▸ Your assignment
Keep to one stretch of the data below, the lines from the one with "Lemma word_split_inj N" up to and including the one with "apply: eq_card =>", and return that stretch exactly.

Dataset items
◆ ◆ ◆ ◆ ◆
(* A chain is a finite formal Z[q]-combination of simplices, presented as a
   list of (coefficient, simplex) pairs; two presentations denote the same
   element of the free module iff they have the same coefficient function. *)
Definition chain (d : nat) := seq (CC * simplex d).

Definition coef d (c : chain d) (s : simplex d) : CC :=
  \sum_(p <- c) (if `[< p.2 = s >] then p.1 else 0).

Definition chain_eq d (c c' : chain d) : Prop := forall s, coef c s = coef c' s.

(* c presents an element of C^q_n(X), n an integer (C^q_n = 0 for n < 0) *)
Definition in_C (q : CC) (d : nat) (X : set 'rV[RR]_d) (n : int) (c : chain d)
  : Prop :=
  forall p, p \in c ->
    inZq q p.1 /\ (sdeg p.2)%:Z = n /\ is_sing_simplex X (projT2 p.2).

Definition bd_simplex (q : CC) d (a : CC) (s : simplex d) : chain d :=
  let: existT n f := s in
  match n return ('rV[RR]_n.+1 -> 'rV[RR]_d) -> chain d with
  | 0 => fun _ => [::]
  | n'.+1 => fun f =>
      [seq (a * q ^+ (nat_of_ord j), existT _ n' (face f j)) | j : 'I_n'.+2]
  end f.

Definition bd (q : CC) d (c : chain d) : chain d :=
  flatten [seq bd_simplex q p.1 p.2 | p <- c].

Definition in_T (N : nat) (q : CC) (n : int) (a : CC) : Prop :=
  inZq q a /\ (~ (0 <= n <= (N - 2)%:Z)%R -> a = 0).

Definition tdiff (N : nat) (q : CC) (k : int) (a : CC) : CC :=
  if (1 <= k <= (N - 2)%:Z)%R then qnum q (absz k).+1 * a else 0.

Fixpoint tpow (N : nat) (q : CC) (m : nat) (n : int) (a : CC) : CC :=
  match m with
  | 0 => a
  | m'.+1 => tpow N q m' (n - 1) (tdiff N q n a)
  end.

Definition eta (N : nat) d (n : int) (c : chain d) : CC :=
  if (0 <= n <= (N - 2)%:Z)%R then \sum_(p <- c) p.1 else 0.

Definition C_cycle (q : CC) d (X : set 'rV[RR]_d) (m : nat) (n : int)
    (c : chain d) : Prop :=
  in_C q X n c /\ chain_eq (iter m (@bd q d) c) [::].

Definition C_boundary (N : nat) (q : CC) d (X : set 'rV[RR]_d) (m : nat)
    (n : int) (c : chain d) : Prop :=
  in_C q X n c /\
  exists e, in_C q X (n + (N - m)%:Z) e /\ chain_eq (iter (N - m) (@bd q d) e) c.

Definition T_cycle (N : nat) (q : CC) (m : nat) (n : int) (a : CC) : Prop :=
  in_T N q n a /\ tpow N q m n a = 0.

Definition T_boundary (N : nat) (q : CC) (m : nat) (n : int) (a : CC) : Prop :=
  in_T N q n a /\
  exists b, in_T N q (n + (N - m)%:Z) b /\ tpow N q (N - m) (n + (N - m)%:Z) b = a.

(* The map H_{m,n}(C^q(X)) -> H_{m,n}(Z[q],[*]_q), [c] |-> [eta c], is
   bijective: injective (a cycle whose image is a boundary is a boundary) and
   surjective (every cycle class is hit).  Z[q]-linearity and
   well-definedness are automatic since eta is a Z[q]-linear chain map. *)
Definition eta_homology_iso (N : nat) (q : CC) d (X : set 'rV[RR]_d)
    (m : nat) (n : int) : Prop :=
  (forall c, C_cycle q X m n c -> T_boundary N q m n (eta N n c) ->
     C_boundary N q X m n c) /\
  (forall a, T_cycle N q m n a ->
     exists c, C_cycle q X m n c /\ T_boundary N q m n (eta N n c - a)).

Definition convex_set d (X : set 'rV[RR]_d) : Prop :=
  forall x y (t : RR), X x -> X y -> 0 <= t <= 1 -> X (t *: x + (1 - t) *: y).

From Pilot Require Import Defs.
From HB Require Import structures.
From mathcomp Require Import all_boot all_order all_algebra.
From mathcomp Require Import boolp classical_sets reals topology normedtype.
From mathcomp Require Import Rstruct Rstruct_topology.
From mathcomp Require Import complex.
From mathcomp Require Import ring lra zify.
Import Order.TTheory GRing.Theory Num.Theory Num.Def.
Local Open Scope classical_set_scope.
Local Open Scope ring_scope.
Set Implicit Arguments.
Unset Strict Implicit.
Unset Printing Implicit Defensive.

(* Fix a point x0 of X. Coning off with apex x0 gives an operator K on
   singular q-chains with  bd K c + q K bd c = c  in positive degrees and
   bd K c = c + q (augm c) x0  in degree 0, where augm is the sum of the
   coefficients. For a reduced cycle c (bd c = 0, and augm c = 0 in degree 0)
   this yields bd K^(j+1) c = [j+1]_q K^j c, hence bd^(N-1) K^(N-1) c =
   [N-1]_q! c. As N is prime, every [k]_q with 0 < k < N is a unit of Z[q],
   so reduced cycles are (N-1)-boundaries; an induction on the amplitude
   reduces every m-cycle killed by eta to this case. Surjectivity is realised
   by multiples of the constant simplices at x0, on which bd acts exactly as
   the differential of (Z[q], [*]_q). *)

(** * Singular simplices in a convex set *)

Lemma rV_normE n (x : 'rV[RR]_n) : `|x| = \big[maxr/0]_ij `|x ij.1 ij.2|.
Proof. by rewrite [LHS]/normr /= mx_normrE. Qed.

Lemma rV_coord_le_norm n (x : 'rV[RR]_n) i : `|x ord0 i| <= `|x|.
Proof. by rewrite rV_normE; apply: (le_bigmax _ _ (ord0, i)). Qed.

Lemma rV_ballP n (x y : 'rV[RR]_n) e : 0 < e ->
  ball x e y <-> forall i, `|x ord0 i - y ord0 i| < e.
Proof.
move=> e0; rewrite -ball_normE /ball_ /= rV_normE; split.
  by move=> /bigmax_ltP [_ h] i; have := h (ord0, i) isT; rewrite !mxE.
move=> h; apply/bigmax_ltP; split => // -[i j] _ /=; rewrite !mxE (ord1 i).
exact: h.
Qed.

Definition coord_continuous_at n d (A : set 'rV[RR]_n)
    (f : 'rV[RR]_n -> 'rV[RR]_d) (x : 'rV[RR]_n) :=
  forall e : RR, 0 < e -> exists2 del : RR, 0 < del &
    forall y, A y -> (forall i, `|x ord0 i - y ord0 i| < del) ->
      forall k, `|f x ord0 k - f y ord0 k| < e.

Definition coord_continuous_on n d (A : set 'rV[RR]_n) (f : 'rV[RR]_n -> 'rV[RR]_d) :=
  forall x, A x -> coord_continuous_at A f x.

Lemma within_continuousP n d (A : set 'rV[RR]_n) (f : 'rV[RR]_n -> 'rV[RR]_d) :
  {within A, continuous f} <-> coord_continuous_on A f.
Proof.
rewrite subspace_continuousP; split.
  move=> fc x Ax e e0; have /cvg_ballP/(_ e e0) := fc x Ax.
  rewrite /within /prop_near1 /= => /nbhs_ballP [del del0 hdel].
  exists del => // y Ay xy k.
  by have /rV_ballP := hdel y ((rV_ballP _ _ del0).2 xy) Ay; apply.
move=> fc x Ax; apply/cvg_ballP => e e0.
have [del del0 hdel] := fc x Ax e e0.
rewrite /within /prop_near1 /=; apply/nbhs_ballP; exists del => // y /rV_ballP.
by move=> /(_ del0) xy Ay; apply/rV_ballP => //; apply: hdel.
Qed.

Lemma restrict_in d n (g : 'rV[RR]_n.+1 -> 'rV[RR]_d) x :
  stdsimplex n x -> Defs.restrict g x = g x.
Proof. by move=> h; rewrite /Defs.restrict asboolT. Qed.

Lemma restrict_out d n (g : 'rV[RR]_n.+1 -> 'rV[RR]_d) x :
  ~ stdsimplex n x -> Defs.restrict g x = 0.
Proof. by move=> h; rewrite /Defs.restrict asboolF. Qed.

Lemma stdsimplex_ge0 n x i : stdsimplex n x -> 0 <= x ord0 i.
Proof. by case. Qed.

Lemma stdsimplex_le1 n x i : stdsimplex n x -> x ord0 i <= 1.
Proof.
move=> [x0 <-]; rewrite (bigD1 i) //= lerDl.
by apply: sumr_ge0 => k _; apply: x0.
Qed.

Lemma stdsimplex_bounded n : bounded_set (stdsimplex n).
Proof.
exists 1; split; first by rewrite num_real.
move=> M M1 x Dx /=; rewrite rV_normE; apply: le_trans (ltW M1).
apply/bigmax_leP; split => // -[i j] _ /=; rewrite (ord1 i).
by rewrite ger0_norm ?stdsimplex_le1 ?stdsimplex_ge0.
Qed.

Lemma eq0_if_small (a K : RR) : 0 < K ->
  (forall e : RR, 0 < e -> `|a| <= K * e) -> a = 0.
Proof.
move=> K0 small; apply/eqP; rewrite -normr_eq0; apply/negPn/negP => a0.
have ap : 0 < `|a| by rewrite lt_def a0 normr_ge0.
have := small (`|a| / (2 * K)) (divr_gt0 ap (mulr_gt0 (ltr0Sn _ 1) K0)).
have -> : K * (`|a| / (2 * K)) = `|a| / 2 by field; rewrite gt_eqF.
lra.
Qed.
◆ ◆ ◆ ◆ ◆
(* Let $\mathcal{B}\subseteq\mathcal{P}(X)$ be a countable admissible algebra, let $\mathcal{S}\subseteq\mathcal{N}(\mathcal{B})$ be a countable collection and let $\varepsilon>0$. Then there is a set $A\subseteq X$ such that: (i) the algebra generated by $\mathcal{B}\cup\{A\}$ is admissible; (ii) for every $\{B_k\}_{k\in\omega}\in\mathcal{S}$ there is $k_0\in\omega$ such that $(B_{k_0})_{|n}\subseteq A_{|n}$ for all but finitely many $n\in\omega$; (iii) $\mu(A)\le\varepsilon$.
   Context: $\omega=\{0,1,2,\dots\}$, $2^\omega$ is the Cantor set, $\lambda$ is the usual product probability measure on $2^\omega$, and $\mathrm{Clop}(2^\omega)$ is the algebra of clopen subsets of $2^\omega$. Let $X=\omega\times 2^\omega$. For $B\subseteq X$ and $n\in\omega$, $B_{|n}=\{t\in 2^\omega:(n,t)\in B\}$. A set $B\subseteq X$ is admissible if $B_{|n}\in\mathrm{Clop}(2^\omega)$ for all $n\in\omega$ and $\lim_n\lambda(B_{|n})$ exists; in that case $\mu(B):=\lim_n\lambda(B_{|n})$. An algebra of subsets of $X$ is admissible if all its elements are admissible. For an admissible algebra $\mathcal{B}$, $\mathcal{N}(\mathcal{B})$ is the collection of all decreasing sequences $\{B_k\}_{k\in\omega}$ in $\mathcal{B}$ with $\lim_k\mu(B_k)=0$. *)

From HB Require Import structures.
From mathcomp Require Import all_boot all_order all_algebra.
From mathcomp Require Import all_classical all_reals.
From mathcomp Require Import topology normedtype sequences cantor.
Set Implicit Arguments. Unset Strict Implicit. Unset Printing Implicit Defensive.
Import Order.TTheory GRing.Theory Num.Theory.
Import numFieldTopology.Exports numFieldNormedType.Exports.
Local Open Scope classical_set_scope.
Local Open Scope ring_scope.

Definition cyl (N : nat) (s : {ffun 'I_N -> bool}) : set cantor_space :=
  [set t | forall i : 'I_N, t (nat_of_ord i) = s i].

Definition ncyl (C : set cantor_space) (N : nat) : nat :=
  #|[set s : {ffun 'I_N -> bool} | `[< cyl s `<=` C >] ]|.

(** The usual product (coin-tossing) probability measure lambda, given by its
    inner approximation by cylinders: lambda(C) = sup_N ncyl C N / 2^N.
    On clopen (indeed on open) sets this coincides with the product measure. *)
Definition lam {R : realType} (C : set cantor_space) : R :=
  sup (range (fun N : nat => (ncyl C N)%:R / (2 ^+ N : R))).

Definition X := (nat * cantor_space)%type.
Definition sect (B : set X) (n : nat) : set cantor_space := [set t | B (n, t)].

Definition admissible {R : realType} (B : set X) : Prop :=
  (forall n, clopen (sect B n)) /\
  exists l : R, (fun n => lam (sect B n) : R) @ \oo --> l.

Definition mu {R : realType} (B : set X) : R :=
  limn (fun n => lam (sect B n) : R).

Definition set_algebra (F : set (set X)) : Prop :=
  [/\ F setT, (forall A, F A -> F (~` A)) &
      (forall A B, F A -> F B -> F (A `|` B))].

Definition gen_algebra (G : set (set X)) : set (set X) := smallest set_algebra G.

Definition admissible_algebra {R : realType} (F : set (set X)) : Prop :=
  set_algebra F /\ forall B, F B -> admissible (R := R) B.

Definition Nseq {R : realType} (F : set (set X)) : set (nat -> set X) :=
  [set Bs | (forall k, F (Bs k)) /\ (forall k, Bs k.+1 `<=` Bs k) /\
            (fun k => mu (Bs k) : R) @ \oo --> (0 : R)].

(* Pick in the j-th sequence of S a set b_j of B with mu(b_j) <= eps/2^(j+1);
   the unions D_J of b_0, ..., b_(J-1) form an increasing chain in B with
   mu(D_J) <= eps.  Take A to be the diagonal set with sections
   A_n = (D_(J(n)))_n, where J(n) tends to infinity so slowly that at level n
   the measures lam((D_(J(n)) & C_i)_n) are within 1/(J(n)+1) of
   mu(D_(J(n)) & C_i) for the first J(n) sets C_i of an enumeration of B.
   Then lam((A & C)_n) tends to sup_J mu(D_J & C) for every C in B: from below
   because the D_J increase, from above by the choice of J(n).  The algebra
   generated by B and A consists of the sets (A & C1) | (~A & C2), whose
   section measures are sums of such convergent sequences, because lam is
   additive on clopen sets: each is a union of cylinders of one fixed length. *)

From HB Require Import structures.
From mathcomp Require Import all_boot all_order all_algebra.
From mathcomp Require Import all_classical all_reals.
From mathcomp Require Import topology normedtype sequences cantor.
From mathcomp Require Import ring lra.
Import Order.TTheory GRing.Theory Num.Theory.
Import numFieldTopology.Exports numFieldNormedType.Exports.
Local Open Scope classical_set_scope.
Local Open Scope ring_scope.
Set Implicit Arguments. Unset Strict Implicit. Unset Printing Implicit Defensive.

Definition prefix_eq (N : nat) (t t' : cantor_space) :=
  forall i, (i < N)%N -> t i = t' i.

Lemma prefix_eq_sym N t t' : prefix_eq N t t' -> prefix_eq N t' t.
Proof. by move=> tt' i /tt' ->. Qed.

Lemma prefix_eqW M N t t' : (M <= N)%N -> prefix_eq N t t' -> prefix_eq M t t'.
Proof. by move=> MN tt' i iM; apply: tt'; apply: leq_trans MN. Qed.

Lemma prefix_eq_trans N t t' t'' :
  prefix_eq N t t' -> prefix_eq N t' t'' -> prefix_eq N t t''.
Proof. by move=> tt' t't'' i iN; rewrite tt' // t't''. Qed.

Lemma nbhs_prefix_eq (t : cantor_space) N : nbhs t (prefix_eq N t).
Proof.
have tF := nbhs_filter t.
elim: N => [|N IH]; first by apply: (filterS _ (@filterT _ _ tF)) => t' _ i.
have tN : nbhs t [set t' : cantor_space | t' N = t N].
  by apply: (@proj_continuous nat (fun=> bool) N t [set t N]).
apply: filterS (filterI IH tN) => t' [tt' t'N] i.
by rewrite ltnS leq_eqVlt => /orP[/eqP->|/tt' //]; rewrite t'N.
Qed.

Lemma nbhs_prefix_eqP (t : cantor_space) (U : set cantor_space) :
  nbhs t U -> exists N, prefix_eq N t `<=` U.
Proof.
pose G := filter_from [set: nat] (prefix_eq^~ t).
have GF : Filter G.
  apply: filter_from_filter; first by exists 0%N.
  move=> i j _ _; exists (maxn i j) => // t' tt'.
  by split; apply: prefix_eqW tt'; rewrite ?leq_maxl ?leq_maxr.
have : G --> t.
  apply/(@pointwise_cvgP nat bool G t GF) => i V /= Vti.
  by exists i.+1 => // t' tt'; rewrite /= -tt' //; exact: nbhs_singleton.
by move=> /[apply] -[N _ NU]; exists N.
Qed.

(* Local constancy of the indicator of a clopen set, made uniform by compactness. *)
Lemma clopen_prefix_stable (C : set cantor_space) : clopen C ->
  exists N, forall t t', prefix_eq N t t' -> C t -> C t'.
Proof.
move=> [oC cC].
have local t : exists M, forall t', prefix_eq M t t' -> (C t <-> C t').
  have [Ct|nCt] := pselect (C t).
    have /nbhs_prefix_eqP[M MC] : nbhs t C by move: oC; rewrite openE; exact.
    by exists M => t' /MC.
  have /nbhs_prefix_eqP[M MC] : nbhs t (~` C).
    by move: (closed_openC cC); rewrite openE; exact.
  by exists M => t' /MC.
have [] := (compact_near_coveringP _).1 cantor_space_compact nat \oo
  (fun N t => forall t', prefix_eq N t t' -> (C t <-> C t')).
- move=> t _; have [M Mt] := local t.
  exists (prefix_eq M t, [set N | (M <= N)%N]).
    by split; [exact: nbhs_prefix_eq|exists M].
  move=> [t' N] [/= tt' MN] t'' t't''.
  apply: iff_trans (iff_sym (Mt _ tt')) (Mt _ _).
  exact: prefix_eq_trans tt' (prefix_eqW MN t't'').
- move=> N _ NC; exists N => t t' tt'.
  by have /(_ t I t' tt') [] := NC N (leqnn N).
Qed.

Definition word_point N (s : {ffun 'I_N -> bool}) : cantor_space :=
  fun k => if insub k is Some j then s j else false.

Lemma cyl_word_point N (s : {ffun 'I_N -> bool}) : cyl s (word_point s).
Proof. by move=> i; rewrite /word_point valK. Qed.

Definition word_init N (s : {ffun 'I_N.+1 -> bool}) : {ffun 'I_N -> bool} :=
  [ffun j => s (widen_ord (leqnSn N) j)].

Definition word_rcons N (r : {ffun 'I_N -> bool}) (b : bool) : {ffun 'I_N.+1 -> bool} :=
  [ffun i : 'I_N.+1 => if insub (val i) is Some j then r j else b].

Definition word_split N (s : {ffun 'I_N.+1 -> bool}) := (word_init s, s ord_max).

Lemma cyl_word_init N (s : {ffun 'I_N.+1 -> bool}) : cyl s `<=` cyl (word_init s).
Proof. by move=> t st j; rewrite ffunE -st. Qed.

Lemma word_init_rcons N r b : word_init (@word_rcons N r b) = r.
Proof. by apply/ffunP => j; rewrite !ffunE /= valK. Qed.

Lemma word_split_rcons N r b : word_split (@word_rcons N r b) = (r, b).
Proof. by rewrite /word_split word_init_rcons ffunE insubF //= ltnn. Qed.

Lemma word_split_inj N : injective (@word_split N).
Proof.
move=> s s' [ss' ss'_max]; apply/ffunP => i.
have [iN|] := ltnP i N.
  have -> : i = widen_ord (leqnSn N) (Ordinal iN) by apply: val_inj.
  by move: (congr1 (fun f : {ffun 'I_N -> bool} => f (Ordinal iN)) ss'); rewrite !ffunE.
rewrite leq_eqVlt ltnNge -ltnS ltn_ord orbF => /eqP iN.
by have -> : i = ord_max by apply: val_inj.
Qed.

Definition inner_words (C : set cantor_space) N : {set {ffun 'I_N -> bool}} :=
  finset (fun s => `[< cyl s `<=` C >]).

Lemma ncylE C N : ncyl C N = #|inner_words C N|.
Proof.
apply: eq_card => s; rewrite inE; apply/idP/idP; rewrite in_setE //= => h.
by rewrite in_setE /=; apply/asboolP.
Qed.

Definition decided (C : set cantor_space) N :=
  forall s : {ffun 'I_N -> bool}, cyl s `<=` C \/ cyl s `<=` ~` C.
◆ ◆ ◆ ◆ ◆
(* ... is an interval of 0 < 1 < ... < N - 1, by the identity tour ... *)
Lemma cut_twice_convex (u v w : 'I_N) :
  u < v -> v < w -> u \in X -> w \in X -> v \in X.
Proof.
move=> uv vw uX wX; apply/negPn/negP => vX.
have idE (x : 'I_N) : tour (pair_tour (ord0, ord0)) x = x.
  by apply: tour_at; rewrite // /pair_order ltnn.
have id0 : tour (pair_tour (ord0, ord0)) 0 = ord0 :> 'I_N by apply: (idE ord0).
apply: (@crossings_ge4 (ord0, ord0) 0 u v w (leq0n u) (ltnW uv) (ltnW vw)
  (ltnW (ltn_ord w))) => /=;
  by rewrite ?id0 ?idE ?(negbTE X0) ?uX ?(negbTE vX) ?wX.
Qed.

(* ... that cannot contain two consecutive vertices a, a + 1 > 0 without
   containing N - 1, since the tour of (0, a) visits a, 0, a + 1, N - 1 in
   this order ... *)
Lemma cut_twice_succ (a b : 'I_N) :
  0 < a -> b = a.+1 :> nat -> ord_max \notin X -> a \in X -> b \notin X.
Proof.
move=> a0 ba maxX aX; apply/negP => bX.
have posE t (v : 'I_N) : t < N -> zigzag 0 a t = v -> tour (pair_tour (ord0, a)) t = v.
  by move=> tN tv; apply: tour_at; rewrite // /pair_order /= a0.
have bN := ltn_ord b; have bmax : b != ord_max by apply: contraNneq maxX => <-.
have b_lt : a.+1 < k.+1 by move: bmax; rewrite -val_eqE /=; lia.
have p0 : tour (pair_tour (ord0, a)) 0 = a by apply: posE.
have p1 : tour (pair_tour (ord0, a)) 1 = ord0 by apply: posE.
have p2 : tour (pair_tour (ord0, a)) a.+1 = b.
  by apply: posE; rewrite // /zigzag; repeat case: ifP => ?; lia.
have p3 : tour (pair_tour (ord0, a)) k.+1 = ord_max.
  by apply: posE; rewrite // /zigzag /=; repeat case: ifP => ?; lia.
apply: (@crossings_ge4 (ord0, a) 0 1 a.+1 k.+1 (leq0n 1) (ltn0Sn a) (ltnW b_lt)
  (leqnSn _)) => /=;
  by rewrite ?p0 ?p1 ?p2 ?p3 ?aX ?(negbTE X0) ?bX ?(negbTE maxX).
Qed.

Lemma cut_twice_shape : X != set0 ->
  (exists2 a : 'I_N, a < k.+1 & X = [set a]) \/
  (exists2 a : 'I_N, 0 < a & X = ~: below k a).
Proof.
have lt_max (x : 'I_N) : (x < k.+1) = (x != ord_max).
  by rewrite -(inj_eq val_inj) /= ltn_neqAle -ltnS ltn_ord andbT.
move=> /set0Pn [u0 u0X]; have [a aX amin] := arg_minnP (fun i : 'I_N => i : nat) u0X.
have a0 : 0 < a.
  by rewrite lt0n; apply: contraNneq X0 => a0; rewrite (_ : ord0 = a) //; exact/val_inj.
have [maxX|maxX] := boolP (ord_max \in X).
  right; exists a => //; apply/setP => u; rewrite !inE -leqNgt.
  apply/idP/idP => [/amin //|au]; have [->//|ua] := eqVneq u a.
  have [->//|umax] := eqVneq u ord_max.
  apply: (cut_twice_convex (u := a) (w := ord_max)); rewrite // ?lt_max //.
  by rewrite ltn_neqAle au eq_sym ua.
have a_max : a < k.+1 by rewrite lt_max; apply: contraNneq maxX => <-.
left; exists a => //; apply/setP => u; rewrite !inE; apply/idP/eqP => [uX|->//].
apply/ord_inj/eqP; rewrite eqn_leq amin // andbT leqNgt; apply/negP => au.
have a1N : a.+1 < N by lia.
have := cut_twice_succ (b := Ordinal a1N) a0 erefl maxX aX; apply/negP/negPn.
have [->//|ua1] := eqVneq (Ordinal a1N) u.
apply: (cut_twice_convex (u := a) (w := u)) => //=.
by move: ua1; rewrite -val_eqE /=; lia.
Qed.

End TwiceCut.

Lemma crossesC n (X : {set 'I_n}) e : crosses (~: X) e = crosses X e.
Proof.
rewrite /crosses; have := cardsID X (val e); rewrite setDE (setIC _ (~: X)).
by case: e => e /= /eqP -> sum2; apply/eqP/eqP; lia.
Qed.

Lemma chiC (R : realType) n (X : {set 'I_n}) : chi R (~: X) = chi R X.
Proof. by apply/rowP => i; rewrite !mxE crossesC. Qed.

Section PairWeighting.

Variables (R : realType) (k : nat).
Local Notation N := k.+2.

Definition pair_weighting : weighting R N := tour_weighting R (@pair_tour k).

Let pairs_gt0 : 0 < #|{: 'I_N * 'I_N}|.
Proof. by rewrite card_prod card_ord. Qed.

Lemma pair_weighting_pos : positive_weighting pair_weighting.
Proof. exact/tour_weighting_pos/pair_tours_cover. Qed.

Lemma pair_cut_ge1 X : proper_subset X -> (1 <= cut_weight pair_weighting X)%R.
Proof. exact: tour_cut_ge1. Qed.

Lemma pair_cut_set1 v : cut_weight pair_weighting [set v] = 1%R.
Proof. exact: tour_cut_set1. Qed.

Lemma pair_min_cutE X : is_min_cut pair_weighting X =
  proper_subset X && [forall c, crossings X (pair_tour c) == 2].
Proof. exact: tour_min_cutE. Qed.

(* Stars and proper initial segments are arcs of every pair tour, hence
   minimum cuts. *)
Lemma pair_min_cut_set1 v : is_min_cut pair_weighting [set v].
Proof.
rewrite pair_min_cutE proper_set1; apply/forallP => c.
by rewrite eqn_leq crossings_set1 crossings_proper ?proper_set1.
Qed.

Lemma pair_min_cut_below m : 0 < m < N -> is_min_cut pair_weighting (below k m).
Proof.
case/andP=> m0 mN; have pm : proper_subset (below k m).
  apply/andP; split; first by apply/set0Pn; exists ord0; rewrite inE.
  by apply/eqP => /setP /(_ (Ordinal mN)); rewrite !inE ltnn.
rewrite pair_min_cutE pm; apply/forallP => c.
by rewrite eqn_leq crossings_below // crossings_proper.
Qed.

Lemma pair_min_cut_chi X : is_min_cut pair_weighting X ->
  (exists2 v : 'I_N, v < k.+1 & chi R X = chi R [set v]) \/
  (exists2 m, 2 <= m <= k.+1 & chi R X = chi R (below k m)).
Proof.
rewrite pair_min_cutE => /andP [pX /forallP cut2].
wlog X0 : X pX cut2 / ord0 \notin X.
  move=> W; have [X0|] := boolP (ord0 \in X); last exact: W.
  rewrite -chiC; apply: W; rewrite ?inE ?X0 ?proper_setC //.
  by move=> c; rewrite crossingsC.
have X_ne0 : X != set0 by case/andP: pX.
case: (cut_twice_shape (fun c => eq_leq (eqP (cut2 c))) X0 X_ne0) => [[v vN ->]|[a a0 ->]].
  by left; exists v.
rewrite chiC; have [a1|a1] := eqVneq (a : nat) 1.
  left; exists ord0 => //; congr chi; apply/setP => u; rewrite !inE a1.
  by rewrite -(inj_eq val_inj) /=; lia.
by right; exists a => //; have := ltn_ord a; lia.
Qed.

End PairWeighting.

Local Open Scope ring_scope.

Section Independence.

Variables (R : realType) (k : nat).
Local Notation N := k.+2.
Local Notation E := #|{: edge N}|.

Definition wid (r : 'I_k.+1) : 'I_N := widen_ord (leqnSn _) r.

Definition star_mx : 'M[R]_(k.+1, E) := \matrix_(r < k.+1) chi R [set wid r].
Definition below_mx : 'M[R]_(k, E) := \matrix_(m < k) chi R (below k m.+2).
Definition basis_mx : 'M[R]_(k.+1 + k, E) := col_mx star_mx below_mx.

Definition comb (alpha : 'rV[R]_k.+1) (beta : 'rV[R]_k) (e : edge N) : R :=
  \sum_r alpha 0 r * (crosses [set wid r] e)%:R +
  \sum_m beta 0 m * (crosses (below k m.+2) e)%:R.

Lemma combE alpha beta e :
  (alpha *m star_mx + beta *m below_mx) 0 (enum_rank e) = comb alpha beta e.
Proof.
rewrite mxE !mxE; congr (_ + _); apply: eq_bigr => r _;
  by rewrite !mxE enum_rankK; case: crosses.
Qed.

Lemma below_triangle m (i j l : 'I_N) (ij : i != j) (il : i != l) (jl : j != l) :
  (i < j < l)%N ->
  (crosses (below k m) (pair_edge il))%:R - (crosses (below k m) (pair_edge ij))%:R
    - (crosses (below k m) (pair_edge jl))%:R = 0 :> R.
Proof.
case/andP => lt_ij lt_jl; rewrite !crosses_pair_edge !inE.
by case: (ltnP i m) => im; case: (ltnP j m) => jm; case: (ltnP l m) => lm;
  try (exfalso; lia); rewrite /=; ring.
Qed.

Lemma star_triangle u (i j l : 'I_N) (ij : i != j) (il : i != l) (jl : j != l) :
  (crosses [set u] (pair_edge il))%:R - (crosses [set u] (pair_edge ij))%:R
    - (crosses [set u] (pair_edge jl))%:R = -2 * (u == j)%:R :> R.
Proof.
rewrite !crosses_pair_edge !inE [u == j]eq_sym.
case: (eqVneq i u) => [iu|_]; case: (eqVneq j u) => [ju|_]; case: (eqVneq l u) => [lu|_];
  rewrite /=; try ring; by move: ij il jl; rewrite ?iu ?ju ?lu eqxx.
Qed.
◆ ◆ ◆ ◆ ◆
▸ Your response
Lemma word_split_inj N : injective (@word_split N).
Proof.
move=> s s' [ss' ss'_max]; apply/ffunP => i.
have [iN|] := ltnP i N.
  have -> : i = widen_ord (leqnSn N) (Ordinal iN) by apply: val_inj.
  by move: (congr1 (fun f : {ffun 'I_N -> bool} => f (Ordinal iN)) ss'); rewrite !ffunE.
rewrite leq_eqVlt ltnNge -ltnS ltn_ord orbF => /eqP iN.
by have -> : i = ord_max by apply: val_inj.
Qed.

Definition inner_words (C : set cantor_space) N : {set {ffun 'I_N -> bool}} :=
  finset (fun s => `[< cyl s `<=` C >]).

Lemma ncylE C N : ncyl C N = #|inner_words C N|.
Proof.
apply: eq_card => s; rewrite inE; apply/idP/idP; rewrite in_setE //= => h.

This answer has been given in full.